Once the training is complete, we can predict the output by providing the testing dataset.

# predictions
prediction = model.predict(X_test)

We have stored the predictions in a variable.

Evaluating the Gaussian process classifier

We will use a confusion matrix to evaluate the classifier. It is a method of summarizing a classification algorithm’s performance. It is simply a summarized table of the number of correct and incorrect predictions. Calculating a confusion matrix can give us a better idea about the miss-classified classes. We can easily determine the model’s accuracy by examining the diagonal values by visualizing the confusion matrix.
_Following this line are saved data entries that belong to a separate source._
(* Let $\rho\in\mathcal{X}_2$, i.e. $\rho$ is an $\mathrm{SL}(2,\mathbb{C})$ character of the one-holed torus with $\mathrm{tr}\,\rho(XYX^{-1}Y^{-1})=2$. Then either $\mathcal{E}(\rho)=\{X_0\}$ for a single element $X_0\in\mathscr{PL}$, or $\mathcal{E}(\rho)=\mathscr{PL}$. Furthermore, in the first case, if $X_0\in\mathscr{C}$ then $\mathrm{tr}\,\rho(X_0)\in[-2,2]$ and $\mathrm{tr}\,\rho(X)\notin[-2,2]$ for all $X\in\mathscr{C}\setminus\{X_0\}$, while if $X_0\notin\mathscr{C}$ then $\mathrm{tr}\,\rho(X)\notin[-2,2]$ for all $X\in\mathscr{C}$; and in the second case $\mathrm{tr}\,\rho(X)\in[-2,2]$ for all $X\in\mathscr{C}$.
   Context: $T$ is the one-holed torus; $\pi=\pi_1(T)$ is free on generators $X,Y$. The character variety is $\mathcal{X}=\mathrm{Hom}(\pi,\mathrm{SL}(2,\mathbb{C}))/\!/\mathrm{SL}(2,\mathbb{C})$, identified with $\mathbb{C}^3$ via $\rho\mapsto(\mathrm{tr}\,\rho(X),\mathrm{tr}\,\rho(Y),\mathrm{tr}\,\rho(XY))$. For $\kappa\in\mathbb{C}$, $\mathcal{X}_\kappa=\{\rho:\mathrm{tr}\,\rho(XYX^{-1}Y^{-1})=\kappa\}$ (independent of the choice of free generators); it is the set of $(x,y,z)$ with $x^2+y^2+z^2-xyz-2=\kappa$. $\mathscr{C}$ is the set of free homotopy classes of essential (non-trivial, non-boundary-parallel) simple closed curves on $T$; $\mathrm{tr}\,\rho(W)$ is well defined for $W\in\mathscr{C}$. $\mathscr{PL}$ is the projective lamination space of $T$, identified with $\hat{\mathbb{R}}$ so that $\mathscr{C}$ corresponds to $\hat{\mathbb{Q}}$, with the topology of $\hat{\mathbb R}$. $\Lambda\in\mathscr{PL}$ is an end invariant of $\rho$ if there exist $K>0$ and distinct $X_n\in\mathscr{C}$ with $X_n\to\Lambda$ and $|\mathrm{tr}\,\rho(X_n)|<K$ for all $n$; $\mathcal{E}(\rho)$ is the set of end invariants. *)

From HB Require Import structures.
From mathcomp Require Import all_boot all_order all_algebra.
From mathcomp Require Import complex reals.
Set Implicit Arguments. Unset Strict Implicit. Unset Printing Implicit Defensive.
Import Order.TTheory GRing.Theory Num.Theory.
Local Open Scope ring_scope.

Section OneHoledTorus.
Variable R : realType.
Local Notation C := (R[i]).

(* A representation rho : pi = <X,Y> -> SL(2,C) is given by the pair
   (A, B) = (rho X, rho Y) of 2x2 complex matrices of determinant 1. *)
Definition is_SL2 (A : 'M[C]_2) : Prop := \det A = 1.

Definition comm_trace (A B : 'M[C]_2) : C :=
  \tr (A *m B *m invmx A *m invmx B).

(* Essential simple closed curves on T <-> Q^ = option rat.
   The slope  Some (p/q)  (q > 0, gcd(p,q)=1) is the free homotopy class of
   the primitive element with abelianization q X + p Y, represented by the
   Christoffel word with q letters X and |p| letters Y^(sign p);
   None (slope infinity) is the class of Y. *)
Definition curve := option rat.

(* i-th letter (0 <= i < n = q + m) of the Christoffel word with
   m letters "Y" and n - m letters "X": it is "Y" iff
   floor((i+1) m / n) <> floor(i m / n). *)
Definition christoffel_Y (n m i : nat) : bool := (((i.+1 * m) %/ n) != ((i * m) %/ n))%N.

Definition curve_mat (A B : 'M[C]_2) (c : curve) : 'M[C]_2 :=
  match c with
  | None => B
  | Some q =>
      let a := `|denq q|%N in
      let m := `|numq q|%N in
      let Bs := if numq q < 0 then invmx B else B in
      \prod_(i < a + m) (if christoffel_Y (a + m) m i then Bs else A)
  end.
The confusion matrix of the Gaussian process classifier is:

implementation-of-gaussian-process-confusion-matrix

The confusion matrix shows that the model is not very good at predicting the third type of wine. Because most of the misclassification has occurred in the third type of wine.

Let’s now calculate the accuracy of the model as well.

# importing accuracy score
from sklearn.metrics import accuracy_score
# accuracy
accuracy_score(y_test,prediction)

Output:

implementation-of-gaussian-process-accuracy

This shows that only 55% of the data points from the testing data were classified correctly, which is very low.

Applying GridSearchCV

The accuracy of the model is very low, we can apply GridSearchCV helper class to find the optimum parameter for the kernel. The Gaussian process uses the kernel to define the covariance of a prior distribution over the target functions and uses the observed training data to define a likelihood function. As GridSearachCV takes time to find the optimum parameters when applied to many parameters, we will apply them to the kernel parameter only.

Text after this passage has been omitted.